Task goal:
Pull out every line below that contains the word "profileC".

Records provided:
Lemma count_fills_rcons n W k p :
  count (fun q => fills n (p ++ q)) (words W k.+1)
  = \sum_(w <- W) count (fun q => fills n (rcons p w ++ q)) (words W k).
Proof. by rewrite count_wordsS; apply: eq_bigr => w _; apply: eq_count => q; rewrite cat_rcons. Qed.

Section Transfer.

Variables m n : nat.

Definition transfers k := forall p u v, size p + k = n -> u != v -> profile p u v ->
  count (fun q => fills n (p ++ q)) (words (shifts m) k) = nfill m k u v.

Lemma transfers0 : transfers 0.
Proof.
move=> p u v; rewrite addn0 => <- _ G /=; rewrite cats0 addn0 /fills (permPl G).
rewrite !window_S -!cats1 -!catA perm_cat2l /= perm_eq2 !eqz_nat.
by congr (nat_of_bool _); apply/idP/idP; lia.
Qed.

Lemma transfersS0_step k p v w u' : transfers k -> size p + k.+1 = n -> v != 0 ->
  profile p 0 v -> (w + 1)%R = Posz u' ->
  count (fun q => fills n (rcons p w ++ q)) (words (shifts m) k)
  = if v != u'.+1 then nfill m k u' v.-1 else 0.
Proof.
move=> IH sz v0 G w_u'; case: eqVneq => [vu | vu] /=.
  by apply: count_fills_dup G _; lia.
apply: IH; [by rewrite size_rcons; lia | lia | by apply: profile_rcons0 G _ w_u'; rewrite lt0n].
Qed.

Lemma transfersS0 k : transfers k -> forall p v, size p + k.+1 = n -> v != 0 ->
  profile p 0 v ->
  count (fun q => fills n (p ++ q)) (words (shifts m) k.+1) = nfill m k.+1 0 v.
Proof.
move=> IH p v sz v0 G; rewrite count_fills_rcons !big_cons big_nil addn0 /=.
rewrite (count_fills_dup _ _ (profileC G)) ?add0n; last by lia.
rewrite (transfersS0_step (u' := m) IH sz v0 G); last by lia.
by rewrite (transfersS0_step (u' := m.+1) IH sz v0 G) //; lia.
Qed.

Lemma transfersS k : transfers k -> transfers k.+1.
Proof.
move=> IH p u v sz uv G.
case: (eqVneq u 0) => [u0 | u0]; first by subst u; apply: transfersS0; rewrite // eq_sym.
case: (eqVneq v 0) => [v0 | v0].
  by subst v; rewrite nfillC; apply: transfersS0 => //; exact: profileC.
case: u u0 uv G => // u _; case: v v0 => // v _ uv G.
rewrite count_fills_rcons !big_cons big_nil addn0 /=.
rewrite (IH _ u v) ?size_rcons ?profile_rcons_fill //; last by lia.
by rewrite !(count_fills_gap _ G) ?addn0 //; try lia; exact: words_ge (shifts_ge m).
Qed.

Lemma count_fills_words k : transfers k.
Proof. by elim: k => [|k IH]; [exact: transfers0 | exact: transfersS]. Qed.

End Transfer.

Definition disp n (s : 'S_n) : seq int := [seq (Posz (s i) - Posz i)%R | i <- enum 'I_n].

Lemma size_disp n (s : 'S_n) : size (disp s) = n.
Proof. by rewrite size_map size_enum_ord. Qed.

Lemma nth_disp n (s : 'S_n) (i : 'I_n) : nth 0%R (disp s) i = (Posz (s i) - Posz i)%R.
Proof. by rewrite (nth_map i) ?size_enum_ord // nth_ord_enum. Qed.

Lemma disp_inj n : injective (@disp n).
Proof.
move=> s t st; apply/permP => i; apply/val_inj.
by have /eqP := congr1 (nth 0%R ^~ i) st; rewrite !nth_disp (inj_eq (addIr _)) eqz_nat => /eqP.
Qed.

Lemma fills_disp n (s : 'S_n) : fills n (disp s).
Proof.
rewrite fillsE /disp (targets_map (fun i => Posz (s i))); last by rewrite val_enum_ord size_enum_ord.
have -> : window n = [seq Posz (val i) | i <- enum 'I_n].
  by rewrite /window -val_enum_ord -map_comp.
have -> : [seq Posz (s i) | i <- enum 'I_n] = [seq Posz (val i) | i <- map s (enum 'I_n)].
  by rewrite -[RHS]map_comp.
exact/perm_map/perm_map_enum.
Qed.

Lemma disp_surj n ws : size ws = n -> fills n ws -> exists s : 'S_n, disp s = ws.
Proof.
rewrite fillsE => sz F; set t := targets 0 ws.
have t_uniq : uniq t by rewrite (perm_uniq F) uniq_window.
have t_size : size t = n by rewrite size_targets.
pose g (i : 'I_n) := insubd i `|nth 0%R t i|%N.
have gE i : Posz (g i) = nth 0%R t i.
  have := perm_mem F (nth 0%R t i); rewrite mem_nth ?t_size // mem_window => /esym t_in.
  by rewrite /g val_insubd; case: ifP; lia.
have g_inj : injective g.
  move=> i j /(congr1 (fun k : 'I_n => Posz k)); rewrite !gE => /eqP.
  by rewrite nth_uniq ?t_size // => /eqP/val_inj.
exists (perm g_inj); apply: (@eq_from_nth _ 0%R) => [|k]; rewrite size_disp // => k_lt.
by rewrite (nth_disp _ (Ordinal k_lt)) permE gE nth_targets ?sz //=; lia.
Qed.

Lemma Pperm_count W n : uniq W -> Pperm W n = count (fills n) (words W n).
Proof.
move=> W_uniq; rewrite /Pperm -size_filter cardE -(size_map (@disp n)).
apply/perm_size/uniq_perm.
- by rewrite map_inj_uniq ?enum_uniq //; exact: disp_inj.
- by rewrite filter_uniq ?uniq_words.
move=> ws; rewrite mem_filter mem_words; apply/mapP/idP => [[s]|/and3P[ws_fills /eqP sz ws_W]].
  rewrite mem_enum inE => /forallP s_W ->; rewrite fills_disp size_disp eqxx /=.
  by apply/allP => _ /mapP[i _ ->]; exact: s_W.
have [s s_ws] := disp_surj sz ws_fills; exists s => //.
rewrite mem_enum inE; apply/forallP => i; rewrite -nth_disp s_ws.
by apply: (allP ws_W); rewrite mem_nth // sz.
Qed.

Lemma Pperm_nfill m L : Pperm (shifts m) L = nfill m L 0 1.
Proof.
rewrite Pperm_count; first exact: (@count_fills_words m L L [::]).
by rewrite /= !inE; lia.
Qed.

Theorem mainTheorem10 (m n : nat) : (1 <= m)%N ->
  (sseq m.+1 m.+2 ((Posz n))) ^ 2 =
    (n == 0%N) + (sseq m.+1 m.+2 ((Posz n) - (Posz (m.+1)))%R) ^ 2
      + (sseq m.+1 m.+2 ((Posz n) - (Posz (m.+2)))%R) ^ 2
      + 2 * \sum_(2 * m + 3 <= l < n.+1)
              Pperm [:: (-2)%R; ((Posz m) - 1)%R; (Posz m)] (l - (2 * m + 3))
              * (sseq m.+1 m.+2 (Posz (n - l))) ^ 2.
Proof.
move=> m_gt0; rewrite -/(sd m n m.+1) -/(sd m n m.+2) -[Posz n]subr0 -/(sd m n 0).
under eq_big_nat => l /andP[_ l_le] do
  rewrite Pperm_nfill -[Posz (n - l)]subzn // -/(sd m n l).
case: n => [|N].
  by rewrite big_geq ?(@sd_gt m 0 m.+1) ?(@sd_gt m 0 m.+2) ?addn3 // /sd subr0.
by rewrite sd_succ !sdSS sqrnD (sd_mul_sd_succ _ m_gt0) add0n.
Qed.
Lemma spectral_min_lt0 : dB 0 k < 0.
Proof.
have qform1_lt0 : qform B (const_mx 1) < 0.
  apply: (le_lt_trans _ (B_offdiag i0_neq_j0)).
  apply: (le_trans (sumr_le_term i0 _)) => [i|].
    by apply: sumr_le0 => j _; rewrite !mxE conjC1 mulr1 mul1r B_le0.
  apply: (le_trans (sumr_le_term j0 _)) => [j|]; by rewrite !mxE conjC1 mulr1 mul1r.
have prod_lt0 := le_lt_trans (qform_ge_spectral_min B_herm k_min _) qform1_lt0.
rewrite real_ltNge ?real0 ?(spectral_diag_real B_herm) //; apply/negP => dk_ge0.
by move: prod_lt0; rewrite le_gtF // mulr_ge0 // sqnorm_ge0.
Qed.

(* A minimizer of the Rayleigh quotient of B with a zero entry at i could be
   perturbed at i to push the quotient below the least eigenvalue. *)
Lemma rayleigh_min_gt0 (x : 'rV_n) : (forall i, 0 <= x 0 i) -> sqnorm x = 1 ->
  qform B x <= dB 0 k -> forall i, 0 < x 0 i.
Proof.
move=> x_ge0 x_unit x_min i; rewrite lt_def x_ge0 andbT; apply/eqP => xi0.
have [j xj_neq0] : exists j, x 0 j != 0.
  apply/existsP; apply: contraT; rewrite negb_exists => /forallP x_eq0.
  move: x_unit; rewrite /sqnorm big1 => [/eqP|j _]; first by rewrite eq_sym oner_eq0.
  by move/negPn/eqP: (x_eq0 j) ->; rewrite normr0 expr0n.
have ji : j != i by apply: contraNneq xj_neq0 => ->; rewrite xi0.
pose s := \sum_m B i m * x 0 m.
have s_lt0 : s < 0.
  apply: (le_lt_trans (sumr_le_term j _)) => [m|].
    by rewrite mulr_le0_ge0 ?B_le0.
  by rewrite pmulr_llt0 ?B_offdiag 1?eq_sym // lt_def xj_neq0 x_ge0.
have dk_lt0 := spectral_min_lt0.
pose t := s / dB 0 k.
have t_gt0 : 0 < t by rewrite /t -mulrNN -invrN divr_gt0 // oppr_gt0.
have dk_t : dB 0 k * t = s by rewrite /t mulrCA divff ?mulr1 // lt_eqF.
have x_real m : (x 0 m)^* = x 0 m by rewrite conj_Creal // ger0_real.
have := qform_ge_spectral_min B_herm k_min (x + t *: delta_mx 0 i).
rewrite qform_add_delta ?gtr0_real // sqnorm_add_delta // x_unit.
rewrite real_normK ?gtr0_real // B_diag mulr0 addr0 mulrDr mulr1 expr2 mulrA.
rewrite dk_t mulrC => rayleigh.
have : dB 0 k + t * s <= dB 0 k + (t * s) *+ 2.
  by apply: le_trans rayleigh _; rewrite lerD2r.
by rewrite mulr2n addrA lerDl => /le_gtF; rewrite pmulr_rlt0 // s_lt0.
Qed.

Solution to the exercise:
rewrite (count_fills_dup _ _ (profileC G)) ?add0n; last by lia.
  by subst v; rewrite nfillC; apply: transfersS0 => //; exact: profileC.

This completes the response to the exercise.